== Excerpted records ==

(* Serving one access to key x in tree T, ending in tree T', at cost c:
   T decomposes as a top part X (a connected set of nodes containing the
   root) with the fringe subtrees F hanging below it; x is a node of X;
   X is rearranged into an arbitrary BST X' on the same keys, and the
   fringe subtrees are reattached in their (forced) positions. *)
Definition access_step (T : tree) (x : nat) (T' : tree) (c : nat) : Prop :=
  exists (X X' : tree) (F : seq tree),
    [/\ size F = (nnodes X).+1,
        T = fillT X F,
        x \in inorder X,
        inorder X' = inorder X &
        T' = fillT X' F] /\ c = nnodes X.

Inductive serves : tree -> seq nat -> nat -> Prop :=
  | serves_nil T : serves T [::] 0
  | serves_cons T x s T' c k :
      access_step T x T' c -> serves T' s k -> serves T (x :: s) (c + k).

(* OPT(S) <= b  (for a sequence S over [n]): some offline algorithm, i.e. some
   initial BST on [n] together with a sequence of legal access steps, serves S
   with total cost at most b.  Since OPT(S) is the minimum of these costs,
   this is exactly "OPT(S) <= b". *)
Definition OPT_le (n : nat) (S : seq nat) (b : nat) : Prop :=
  exists (T0 : tree) (k : nat), [/\ bst_on n T0, serves T0 S k & k <= b].

Definition tilted_points (l : nat) : seq (nat * nat) :=
  [seq (i * l + (j - 1), j * l + i - 1) | i <- iota 1 l, j <- iota 1 l].

Definition xrank (l x : nat) : nat :=
  (count (fun p : nat * nat => p.1 < x) (tilted_points l)).+1.

Definition tilted_grid (l : nat) : seq nat :=
  [seq xrank l p.1 | p <- sort (fun p q : nat * nat => p.2 <= q.2) (tilted_points l)].

From mathcomp Require Import all_boot zify.
Set Implicit Arguments. Unset Strict Implicit. Unset Printing Implicit Defensive.

(* Number the keys row by row, key [j + k * l] lying in row [k] and column [j].  The
   tilted grid sequence visits the columns j = 1, ..., l in turn, each one upwards.  The
   algorithm keeps the column about to be visited on the right spine of the tree.  Each
   access but the last of a round is at the root and rotates the next spine key up, at
   cost 2, which turns the right spine into a left spine.  The last access touches this
   left spine and the top one or two nodes of each subtree hanging from it, O(l) nodes,
   and rebuilds the right spine of the next column, whose keys are the successors of the
   current ones.  So every round costs at most 5 l and OPT(S) <= 5 l^2. *)

Definition column (l j : nat) : seq nat := [seq j + k * l | k <- iota 1 l.-1].
Definition round (l j : nat) : seq nat := j :: column l j.

Lemma flatten_iota_blocks l k m :
  flatten [seq [seq a * l + (b - 1) | b <- iota 1 l] | a <- iota k m] = iota (k * l) (m * l).
Proof.
have block a : [seq a * l + (b - 1) | b <- iota 1 l] = iota (a * l) l.
  rewrite -[1]/(1 + 0) iotaDl -map_comp -[a * l]addn0 iotaDl.
  by apply: eq_map => b /=; rewrite !addn0 addKn.
elim: m k => [|m IH] k //=.
by rewrite block IH [m.+1 * l]mulSn iotaD mulSn addnC.
Qed.

Definition points_by_y (l : nat) : seq (nat * nat) :=
  flatten [seq [seq (i * l + (j - 1), j * l + i - 1) | i <- iota 1 l] | j <- iota 1 l].

Lemma map_snd_points_by_y l : map snd (points_by_y l) = iota l (l * l).
Proof.
rewrite -[l in iota l _]mul1n -flatten_iota_blocks map_flatten -map_comp.
congr flatten; apply: eq_map => j /=; rewrite -map_comp.
by apply/eq_in_map => i; rewrite mem_iota => /andP[i_gt0 _] /=; rewrite addnBA.
Qed.

Lemma map_fst_tilted_points l : map fst (tilted_points l) = iota l (l * l).
Proof.
rewrite -[l in iota l _]mul1n -flatten_iota_blocks /tilted_points map_flatten -map_comp.
by congr flatten; apply: eq_map => i /=; rewrite -map_comp.
Qed.

Lemma mem_points_by_y l : tilted_points l =i points_by_y l.
Proof. by move=> z; apply/allpairsP/allpairsP => -[[i j] /= [? ? ->]]; exists (j, i). Qed.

== Work order ==
Where does the string "most" appear in the records above? Return every line that holds it.

== Written solution ==
   with total cost at most b.  Since OPT(S) is the minimum of these costs,
   current ones.  So every round costs at most 5 l and OPT(S) <= 5 l^2. *)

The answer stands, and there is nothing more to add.